(* Let $R$ be an artinian ring and $\mathcal{S}$ a full subcategory of $\operatorname{Mod}R$ which is closed under direct sums and submodules and contains $R_R$, such that $\mathcal{S}$ has only finitely many indecomposable finitely generated objects up to isomorphism, say $M_1,\dots,M_n$. Let $M=M_1\oplus\cdots\oplus M_n$, $E=\operatorname{End}(M_R)$ (so $M$ is an $E$-$R$-bimodule), and $X\in\mathcal{S}$. Then the evaluation map $\lambda:\operatorname{Hom}_R(M,X)\otimes_E M\to X$, $\varphi\otimes m\mapsto\varphi(m)$, is an isomorphism of right $R$-modules.
   Context: $\operatorname{Hom}_R(M,X)$ is a right $E$-module via $(\varphi\cdot s)(m)=\varphi(s(m))$. *)

(* Right R-modules are modelled as left R^c-modules
   (lmodType R^c), where R^c is the converse ring of R: a *: v means v·a. *)
From HB Require Import structures.
From mathcomp Require Import all_boot all_order all_algebra.
From Stdlib Require Lists.List.

Set Implicit Arguments.
Unset Strict Implicit.
Unset Printing Implicit Defensive.

Import GRing.Theory.
Local Open Scope ring_scope.

Definition is_right_ideal (R : nzRingType) (I : R -> Prop) : Prop :=
  [/\ I 0, (forall x y, I x -> I y -> I (x - y)) & (forall x r, I x -> I (x * r))].

Definition is_left_ideal (R : nzRingType) (I : R -> Prop) : Prop :=
  [/\ I 0, (forall x y, I x -> I y -> I (x - y)) & (forall x r, I x -> I (r * x))].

==============================

* ACTIVITY:
Please give back all of the material above exactly as it was written.

* SOLUTION TO THIS EXERCISE:
(* Let $R$ be an artinian ring and $\mathcal{S}$ a full subcategory of $\operatorname{Mod}R$ which is closed under direct sums and submodules and contains $R_R$, such that $\mathcal{S}$ has only finitely many indecomposable finitely generated objects up to isomorphism, say $M_1,\dots,M_n$. Let $M=M_1\oplus\cdots\oplus M_n$, $E=\operatorname{End}(M_R)$ (so $M$ is an $E$-$R$-bimodule), and $X\in\mathcal{S}$. Then the evaluation map $\lambda:\operatorname{Hom}_R(M,X)\otimes_E M\to X$, $\varphi\otimes m\mapsto\varphi(m)$, is an isomorphism of right $R$-modules.
   Context: $\operatorname{Hom}_R(M,X)$ is a right $E$-module via $(\varphi\cdot s)(m)=\varphi(s(m))$. *)

(* Right R-modules are modelled as left R^c-modules
   (lmodType R^c), where R^c is the converse ring of R: a *: v means v·a. *)
From HB Require Import structures.
From mathcomp Require Import all_boot all_order all_algebra.
From Stdlib Require Lists.List.

Set Implicit Arguments.
Unset Strict Implicit.
Unset Printing Implicit Defensive.

Import GRing.Theory.
Local Open Scope ring_scope.

Definition is_right_ideal (R : nzRingType) (I : R -> Prop) : Prop :=
  [/\ I 0, (forall x y, I x -> I y -> I (x - y)) & (forall x r, I x -> I (x * r))].

Definition is_left_ideal (R : nzRingType) (I : R -> Prop) : Prop :=
  [/\ I 0, (forall x y, I x -> I y -> I (x - y)) & (forall x r, I x -> I (r * x))].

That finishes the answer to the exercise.